If the primary instance fails, a secondary instance assumes the primary role, taking over all Update requests on its database, and propagating new updates to the other secondary instances. When the failed instance has recovered it assumes the secondary role and synchronizes its databases with the others.
This takeover of responsibilities can be done automatically or manually, depending on the setup of the SQL Server instances in the Availability Group.
Uniface can work with an Availability Group just as it can with a regular MS SQL database, but you need to keep the following information in mind.
When Uniface's MSS connector connects to an Availability Group it must connect to an Availability Group Listener, not to a specific instance.
Therefore, when configuring a DSN with the ODBC Data Source Administrator utility for a connection to an Availability Group Listener, select the Multi-subnet failover checkbox. This ensures that the Listener makes the connection to the primary SQL Server instance, without you having to know which one that is.
If your application only requires Read access to the database, you can have the Listener make a connection to a secondary instance that is configured to allow read-only access, instead of to the primary instance.
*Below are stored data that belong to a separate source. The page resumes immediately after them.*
Section AlephOmega.
Variables (A : Type) (hA : is_aleph_omega A)
  (W : Type) (ltW : W -> W -> Prop) (hW : is_succ_card_order ltW A).

Let ltW_trans : forall a b c, ltW a b -> ltW b c -> ltW a c := proj1 (proj2 (proj1 hW)).
Let ltW_total : forall a b, ltW a b \/ a = b \/ ltW b a := proj1 (proj2 (proj2 (proj1 hW))).
Let ltW_wf : well_founded ltW := proj2 (proj2 (proj2 (proj1 hW))).

Let seg_le_of_le (d d' : W) : ltW d' d \/ d' = d -> card_le (seg ltW d') (seg ltW d).
Proof.
  intros [H| ->]; [|apply card_le_refl].
  apply card_le_subset. intros u Hu. eapply ltW_trans; eauto.
Qed.

Let lt_of_not_seg_le (d d' : W) : ~ card_le (seg ltW d') (seg ltW d) -> ltW d d'.
Proof.
  intros H. destruct (ltW_total d d') as [h|[h|h]]; auto;
    exfalso; apply H, seg_le_of_le; auto.
Qed.

Section Cofinality.
Variable kap : W.
Hypothesis kap_A : card_le (full A) (seg ltW kap).
Hypothesis kap_min : forall d, ltW d kap -> ~ card_le (full A) (seg ltW d).

Let psi_spec := constructive_indefinite_description _ (proj2 (proj2 hW) kap).
Let psi : W -> A := proj1_sig psi_spec.

Let img (d : W) : pset A := fun a => exists u, ltW u d /\ psi u = a.

Let seg_le_img (d : W) : ltW d kap -> card_le (seg ltW d) (img d).
Proof.
  intros Hd. exists psi. split.
  - intros u Hu. exists u; auto.
  - intros x y Hx Hy E. apply (proj2 (proj2_sig psi_spec)); eauto.
Qed.

Let img_le_seg (d : W) : card_le (img d) (seg ltW d).
Proof.
  apply (card_le_of_surj (inhabits d) (seg ltW d) (img d) psi).
  intros a [u [Hu E]]. exists u; auto.
Qed.

Let img_lt (d : W) : ltW d kap -> card_lt (img d) (full A).
Proof.
  intros Hd. split.
  - apply card_le_subset. intros a _; exact I.
  - intros H. apply (kap_min d Hd). exact (card_le_trans _ _ _ H (img_le_seg d)).
Qed.

Lemma exists_larger_seg (d : W) :
  ltW d kap -> exists d', ltW d' kap /\ ~ card_le (seg ltW d') (seg ltW d).
Proof.
  intros Hd. destruct (proj1 (proj2 hA) (img d) (img_lt d Hd)) as [S [[_ H2] [_ H4]]].
  destruct (card_le_or_ge_seg ltW ltW_wf ltW_total (inhabits (psi d)) (seg ltW kap) S)
    as [H|[d' [Hd' Hc]]].
  - exfalso. exact (H4 (card_le_trans _ _ _ kap_A H)).
  - exists d'. split; auto. intros C. apply H2.
    eapply card_le_trans; [exact Hc|].
    eapply card_le_trans; [apply card_le_subset; intros u [_ h]; exact h|].
    exact (card_le_trans _ _ _ C (seg_le_img d Hd)).
Qed.

Lemma exists_infinite_seg : exists g, ltW g kap /\ infinite (seg ltW g).
Proof.
  destruct (card_le_or_ge_seg ltW ltW_wf ltW_total (inhabits 0) (seg ltW kap) (full nat))
    as [H|[d [Hd Hc]]].
  - exfalso. apply (proj1 hA). exact (card_le_trans _ _ _ kap_A H).
  - exists d. split; auto. eapply card_le_trans; [exact Hc|].
    apply card_le_subset; intros u [_ h]; exact h.
Qed.

Fixpoint cofinal_seq (n : nat) : W :=
  match n with
  | 0 => epsilon (inhabits kap) (fun g => ltW g kap /\ infinite (seg ltW g))
  | S n => epsilon (inhabits kap)
             (fun d' => ltW d' kap /\ ~ card_le (seg ltW d') (seg ltW (cofinal_seq n)))
  end.

Lemma cofinal_seq_spec (n : nat) :
  ltW (cofinal_seq n) kap /\ ~ card_le (seg ltW (cofinal_seq (S n))) (seg ltW (cofinal_seq n)).
Proof.
  assert (Hlt : forall n, ltW (cofinal_seq n) kap).
  { clear n. intros n. induction n as [|m IH].
    - exact (proj1 (epsilon_spec _ _ exists_infinite_seg)).
    - exact (proj1 (epsilon_spec (inhabits kap) _ (exists_larger_seg _ IH))). }
  split; [apply Hlt|].
  exact (proj2 (epsilon_spec (inhabits kap) _ (exists_larger_seg _ (Hlt n)))).
Qed.

Lemma cofinal_seq_lt (n m : nat) : n < m -> ltW (cofinal_seq n) (cofinal_seq m).
Proof.
  intros H. induction H; [|eapply ltW_trans; [exact IHle|]];
    apply lt_of_not_seg_le, cofinal_seq_spec.
Qed.

Lemma cofinal_seq_infinite (n : nat) : infinite (seg ltW (cofinal_seq n)).
Proof.
  assert (H0 : infinite (seg ltW (cofinal_seq 0)))
    by exact (proj2 (epsilon_spec _ _ exists_infinite_seg)).
  destruct n as [|n]; [exact H0|].
  eapply card_le_trans; [exact H0|]. apply seg_le_of_le. left. apply cofinal_seq_lt. lia.
Qed.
This improves overall database performance because Read requests are handled by a different server on its own database replica.
To use this feature, set the Application intent value in the DSN configuration to READONLY
. By default, it is set to READWRITE
and will thus connect to the primary SQL Server instance.
Updates can be propagated to the secondary nodes in synchronous or asynchronous mode.
When synchronous mode is used, a commit takes slightly longer, because the commit has to wait until the update has propagated to all secondary instances. This ensures that there is no possibility of data loss and all the secondary nodes are always up to date.
When asynchronous mode is used, the commit returns as soon as the updates have been made in the primary database. The secondary instances always lag behind the primary one, as do applications that have READONLY
set as their application intent. If the primary instance fails, this can result in data loss in the secondary instances that have not yet received the updates.
The Listener does not automatically reconnect to another database instance if the one that is connected to fails. The failure is not transparent to Uniface and database requests will subsequently fail with a connection broken
error.
To handle this situation, you can close the path and reopen it in ProcScript. The Listener will then initiate a new connection to another instance. For Read-Write access, this will only work if one of the secondary instances has automatically taken over the primary role.